Working papers

Academic publishing has evolved to prioritise commercial interests over knowledge sharing, often creating barriers to access and limiting how scholars can present their work. Traditional journals, while valuable for maintaining academic rigour, can constrain how we share and engage with ideas. I believe we need additional ways to communicate scholarly work that preserve academic quality while embracing more dynamic and accessible formats.
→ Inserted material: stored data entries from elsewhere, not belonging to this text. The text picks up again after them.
(* Let $\mathcal G$ be a CFG and $0<p<1$ with $\Pr_{term}(\mathcal G)\ge1-p$. Then for every $n\in\mathbb N$, $n\ge1$, there exist the following objects, all definable in the first-order theory of $(\mathbb Q,+,\cdot,<)$: - an inductive invariant $\mathsf{Inv}_n$ containing the initial state $\sigma_{init}$; - a function $\mathsf{SI}_n:\mathsf{Inv}_n\to\mathbb R$ with $\mathsf{SI}_n(\sigma_{init})\le p+\frac1n$, $\mathsf{SI}_n\ge0$, and $\mathsf{SI}_n$ a supermartingale function on $\mathsf{Inv}_n$; - a real $\epsilon_n>0$; - a function $U_n:\mathsf{Inv}_n\to\mathbb N$, bounded above by some $H_n$, with $U_n(\gamma)=0$ for every $\gamma$ that satisfies $\mathsf{SI}_n(\gamma)\ge1$ or $\gamma=\sigma_\bot$. Moreover, for every other state $(l,\mathbf x)\in\mathsf{Inv}_n$: - at assignment or nondeterministic states, $U_n(\sigma')<U_n(l,\mathbf x)$ for every successor $\sigma'$; - at probabilistic states, $\sum\mathsf{Pr}(l,l')[\mathbf x]>\epsilon_n$, where the sum ranges over the successors $(l',\mathbf x')$ with $U_n(l',\mathbf x')<U_n(l,\mathbf x)$.
   Context: A probabilistic control flow graph (CFG) is a tuple $\mathcal G=(L,V,l_{init},\mathbf x_{init},\mapsto,G,\mathsf{Pr},\mathsf{Upd})$. $L$ is a finite set of locations, partitioned into assignment, nondeterministic and probabilistic locations. The variables range over $\mathbb Q$. The initial state is $\sigma_{init}=(l_{init},\mathbf x_{init})$. There are finitely many guarded transitions. At probabilistic locations, each outgoing transition $(l,l')$ carries a probability expression $\mathsf{Pr}(l,l')$ whose values are positive and sum to $1$ over the enabled transitions. Assignment locations have at most one outgoing transition, carrying an update of one variable by an arithmetic expression. A state is a pair $(l,\mathbf x)$. Every state has at least one, and finitely many, successors. Schedulers map finite paths ending in nondeterministic states to successors and induce probability measures $\mathbb P_{\mathfrak s}$ on runs. The terminal state is $\sigma_\bot=(l_{out},\mathbf 0)$. $\Pr_{term}(\mathcal G)=\inf_{\mathfrak s}\mathbb P_{\mathfrak s}[\text{run visits }\sigma_\bot]$. An inductive invariant is a set of states closed under successors. A function $f:\mathsf{Inv}\to\mathbb R$ is a supermartingale function on $\mathsf{Inv}$ if, at every non-terminal $(l,\mathbf x)\in\mathsf{Inv}$: - at assignment or nondeterministic states, $f(l,\mathbf x)\ge f(\sigma')$ for every successor $\sigma'$; - at probabilistic states, $f(l,\mathbf x)\ge\sum\mathsf{Pr}(l,l')[\mathbf x]f(l',\mathbf x')$, summed over successors. Definability: states are encoded as tuples of rationals, with locations encoded as natural numbers. A set of states, or an $\mathbb N$-valued function, is definable if it, respectively its graph, is defined by a first-order formula over $(\mathbb Q,+,\cdot,<)$. A real-valued function $f$ is definable if the relation $\{(\sigma,q):q\in\mathbb Q,\ q\le f(\sigma)\}$ is so definable. *)

From HB Require Import structures.
From mathcomp Require Import all_boot all_order all_algebra.
From mathcomp Require Import all_classical all_reals.

Set Implicit Arguments.
Unset Strict Implicit.
Unset Printing Implicit Defensive.

Import Order.TTheory GRing.Theory Num.Theory.
Local Open Scope classical_set_scope.
Local Open Scope ring_scope.

Inductive aexpr (d : nat) : Type :=
| AVar of 'I_d
| AConst of rat
| ANeg of aexpr d
| AAdd of aexpr d & aexpr d
| AMul of aexpr d & aexpr d.

Fixpoint aeval (d : nat) (x : {ffun 'I_d -> rat}) (e : aexpr d) : rat :=
  match e with
  | AVar i => x i
  | AConst q => q
  | ANeg e1 => - aeval x e1
  | AAdd e1 e2 => aeval x e1 + aeval x e2
  | AMul e1 e2 => aeval x e1 * aeval x e2
  end.

Inductive bexpr (d : nat) : Type :=
| BTrue
| BLt of aexpr d & aexpr d
| BLe of aexpr d & aexpr d
| BEq of aexpr d & aexpr d
| BNot of bexpr d
| BAnd of bexpr d & bexpr d
| BOr of bexpr d & bexpr d.
(* Let $a>0$ and let $L_3=a\mathbb{Z}^3\cup a(\mathbb{Z}+\tfrac12)^3\cup W\cup\Lambda$. The Voronoi cell of the origin with respect to $L_3$ is the regular octahedron $$\{(x,y,z)\in\mathbb{R}^3:\ |x|+|y|+|z|\le \tfrac{5a}{16}\},$$ whose volume is $$V^{(3)}_\Gamma=\frac{125}{3072}a^3 .$$ The same holds, after translation, for every point of $a\mathbb{Z}^3\cup a(\mathbb{Z}+\tfrac12)^3$.
   Context: Fix $a>0$. $W\subset\mathbb{R}^3$ is the set of all points $a(u_1,u_2,u_3)$ such that $(u_1,u_2,u_3)$ is a permutation of a triple $(i,\ j+\tfrac12,\ k+\varepsilon)$ with $i,j,k\in\mathbb{Z}$ and $\varepsilon\in\{\tfrac14,\tfrac34\}$. $\Lambda=\{p+\tfrac{5a}{24}(s_1,s_2,s_3): p\in a\mathbb{Z}^3\cup a(\mathbb{Z}+\tfrac12)^3,\ s_i\in\{-1,1\}\}$. For a discrete set $P\subset\mathbb{R}^3$ and $p\in P$, the Voronoi cell of $p$ with respect to $P$ is $\{x\in\mathbb{R}^3: |x-p|\le|x-q|\ \text{for all } q\in P\}$. *)

From Stdlib Require Import Reals ClassicalEpsilon.
Open Scope R_scope.

Definition pt := (R * R * R)%type.

Definition px (p : pt) : R := fst (fst p).
Definition py (p : pt) : R := snd (fst p).
Definition pz (p : pt) : R := snd p.

Definition dist3 (p q : pt) : R :=
  sqrt ((px p - px q)^2 + (py p - py q)^2 + (pz p - pz q)^2).

Definition BCC (a : R) (p : pt) : Prop :=
  exists i j k : Z,
    p = (a * IZR i, a * IZR j, a * IZR k) \/
    p = (a * (IZR i + 1/2), a * (IZR j + 1/2), a * (IZR k + 1/2)).

Definition perm3 (u1 u2 u3 t1 t2 t3 : R) : Prop :=
  (u1 = t1 /\ u2 = t2 /\ u3 = t3) \/ (u1 = t1 /\ u2 = t3 /\ u3 = t2) \/
  (u1 = t2 /\ u2 = t1 /\ u3 = t3) \/ (u1 = t2 /\ u2 = t3 /\ u3 = t1) \/
  (u1 = t3 /\ u2 = t1 /\ u3 = t2) \/ (u1 = t3 /\ u2 = t2 /\ u3 = t1).

Definition Wset (a : R) (p : pt) : Prop :=
  exists (u1 u2 u3 : R) (i j k : Z) (eps : R),
    (eps = 1/4 \/ eps = 3/4) /\
    perm3 u1 u2 u3 (IZR i) (IZR j + 1/2) (IZR k + eps) /\
    p = (a * u1, a * u2, a * u3).

Definition Lam (a : R) (p : pt) : Prop :=
  exists (q : pt) (s1 s2 s3 : R),
    BCC a q /\ (s1 = -1 \/ s1 = 1) /\ (s2 = -1 \/ s2 = 1) /\ (s3 = -1 \/ s3 = 1) /\
    p = (px q + 5 * a / 24 * s1, py q + 5 * a / 24 * s2, pz q + 5 * a / 24 * s3).

Definition L3 (a : R) (p : pt) : Prop := BCC a p \/ Wset a p \/ Lam a p.

Definition voronoi (P : pt -> Prop) (p : pt) (x : pt) : Prop :=
  forall q : pt, P q -> dist3 x p <= dist3 x q.

Definition indic (S : pt -> Prop) (x : pt) : R :=
  if excluded_middle_informative (S x) then 1 else 0.

(* Volume of S, for S contained in the cube with center c and half side B,
   defined as the iterated Riemann integral (dz, then dy, then dx) of the
   indicator of S over that cube; vol3 S c B v says all the iterated
   integrals exist and the result is v. *)
Definition vol3 (S : pt -> Prop) (c : pt) (B v : R) : Prop :=
  exists (F : R -> R -> R) (G : R -> R),
    (forall x y : R, exists pr : Riemann_integrable (fun z => indic S (x, y, z))
                                   (pz c - B) (pz c + B), RiemannInt pr = F x y) /\
    (forall x : R, exists pr : Riemann_integrable (F x) (py c - B) (py c + B),
                     RiemannInt pr = G x) /\
    (exists pr : Riemann_integrable G (px c - B) (px c + B), RiemannInt pr = v).

From Stdlib Require Import Reals Lra Psatz ZArith ClassicalEpsilon.
From Coquelicot Require Import Coquelicot.
Open Scope R_scope.

(* Writing points as a*u, the origin's cell is the intersection of the half-spaces
   2 x.q <= |q|^2 over q in L3 (closer_to_origin).
   - The eight points a(5/24)(+-1,+-1,+-1) of Lambda give the facets of the octahedron:
     their half-spaces are exactly s.x <= 5a/16.
   - Conversely, every point a*u of L3 satisfies the coordinate bound
     (5/8)|u_i| <= |u|^2 for each i (coord_bound_BCC / _W / _Lam, by an analysis of
     the coordinate classes Z, Z+1/2, Z+{1/4,3/4}), and this bound says precisely that
     the octahedron lies in the half-space of a*u (octahedron_in_halfspace).
   Translations by BCC vectors preserve L3 (L3_add), so every BCC point has the
   translated cell. *)

Ltac rabs := unfold Rabs, Rmax in *; repeat match goal with
  | |- context[Rcase_abs ?t] => destruct (Rcase_abs t)
  | H : context[Rcase_abs ?t] |- _ => destruct (Rcase_abs t)
  | |- context[Rle_dec ?x ?y] => destruct (Rle_dec x y)
  | H : context[Rle_dec ?x ?y] |- _ => destruct (Rle_dec x y)
  end.

Definition dot3 (p q : pt) : R := px p * px q + py p * py q + pz p * pz q.

Lemma sum_sq3_nonneg u v w : 0 <= u ^ 2 + v ^ 2 + w ^ 2.
Proof. pose proof (pow2_ge_0 u); pose proof (pow2_ge_0 v); pose proof (pow2_ge_0 w); lra. Qed.

Lemma closer_to_origin (x q : pt) :
  dist3 x (0, 0, 0) <= dist3 x q <-> 2 * dot3 x q <= dot3 q q.
Proof.
  destruct x as [[x1 x2] x3], q as [[q1 q2] q3].
  unfold dist3, dot3, px, py, pz; cbn [fst snd]. split; intros H.
  - apply sqrt_le_0 in H; [nra | apply sum_sq3_nonneg | apply sum_sq3_nonneg].
  - apply sqrt_le_1_alt; nra.
Qed.

(* fits v rest: the coordinate v of a vector whose other squared coordinates sum to
   rest satisfies (5/8)|v| <= |u|^2.  Since (5/8)m - m^2 <= 25/256 and is decreasing
   for m >= 5/16, three criteria cover all cases below. *)
Definition fits (v rest : R) : Prop := 5/8 * Rabs v <= v ^ 2 + rest.

Lemma fits_abs v rest : fits v rest <-> 5/8 * Rabs v <= Rabs v ^ 2 + rest.
Proof. unfold fits; rewrite pow2_abs; reflexivity. Qed.

Lemma fits_far v rest : 0 <= rest -> v = 0 \/ 5/8 <= Rabs v -> fits v rest.
Proof.
  intros Hr [-> | Hv]; apply fits_abs; [rewrite Rabs_R0; lra | pose proof (Rabs_pos v); nra].
Qed.

Lemma fits_large_rest v rest : 25/256 <= rest -> fits v rest.
Proof. intros Hr; apply fits_abs; pose proof (pow2_ge_0 (Rabs v - 5/16)); nra. Qed.

Lemma fits_tail v rest al : 5/16 <= al <= Rabs v -> 5/8 * al - al ^ 2 <= rest ->
  fits v rest.
Proof. intros Hal Hr; apply fits_abs; nra. Qed.

Lemma sq_ge v al : 0 <= al -> al <= Rabs v -> al ^ 2 <= v ^ 2.
Proof. intros Hal Hv; rewrite <- (pow2_abs v); nra. Qed.

Definition isZ (v : R) : Prop := exists i : Z, v = IZR i.
Definition isH (v : R) : Prop := exists i : Z, v = IZR i + 1/2.
Definition isQ (v : R) : Prop := exists i : Z, v = IZR i + 1/4 \/ v = IZR i + 3/4.

Lemma IZR_cases (i : Z) : IZR i = 0 \/ 1 <= IZR i \/ IZR i <= -1.
Proof.
  destruct (Z.lt_trichotomy i 0) as [h|[h|h]].
  - right; right. apply IZR_le. lia.
  - left; subst; reflexivity.
  - right; left. apply IZR_le. lia.
Qed.

Lemma isZ_abs v : isZ v -> v = 0 \/ 1 <= Rabs v.
Proof. intros [i ->]; destruct (IZR_cases i) as [h|[h|h]]; [left | right..]; rabs; lra. Qed.

Lemma isH_abs v : isH v -> 1/2 <= Rabs v.
Proof. intros [i ->]; destruct (IZR_cases i) as [h|[h|h]]; rabs; lra. Qed.

Lemma isQ_abs v : isQ v -> 1/4 <= Rabs v.
Proof. intros [i [-> | ->]]; destruct (IZR_cases i) as [h|[h|h]]; rabs; lra. Qed.

Definition sign (s : R) : Prop := s = -1 \/ s = 1.

Lemma shifted_isZ_abs n s : isZ n -> sign s ->
  Rabs (n + 5/24 * s) = 5/24 \/ 19/24 <= Rabs (n + 5/24 * s).
Proof. intros [i ->] [-> | ->]; destruct (IZR_cases i) as [h|[h|h]]; rabs; lra. Qed.

Lemma shifted_isH_abs n s : isH n -> sign s -> 7/24 <= Rabs (n + 5/24 * s).
Proof. intros [i ->] [-> | ->]; destruct (IZR_cases i) as [h|[h|h]]; rabs; lra. Qed.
This is why I’m experimenting with a multi-version approach to publishing my academic work. Each version serves a different purpose while maintaining the core scholarly contribution:

  • Working Paper
  • Preprint version
  • Journal publication

The Working Papers on this website are “living documents” that will continue to evolve over time. They will include additional context, multimedia elements, and ongoing discussion that enrich the core academic work. This version allows me to integrate the ideas in the article more deeply with related concepts and to present it in ways that might be more meaningful for different audiences. Think of it as a more detailed story behind the research.

The preprint versions serve as formal snapshots of the article, maintaining traditional academic formatting and providing a stable reference point for citation. They represent my thinking before peer review or journal-specific modifications.

If the paper is accepted for journal publication, that version will be hosted in the relevant journal. While this version may have enhanced academic credibility through peer review, it’s important to note that all substantive scholarly content also appears in the preprint version. The journal version primarily adds the benefit of formal peer review and traditional academic recognition.


Publishing with purpose: Using AI to enhance scientific discourse

The emergence of generative AI in academic publishing presents both opportunities and risks for scientific discourse. While AI could accelerate problematic “publish or perish” incentives, it could also be used to transform scientific journals from metrics-driven repositories into vibrant learning communities that facilitate meaningful dialogue between researchers, clinicians, and educators. The article proposes specific ways AI could enhance rather than merely accelerate scientific discourse, while acknowledging the systemic challenges of implementing such changes within the current academic publishing ecosystem.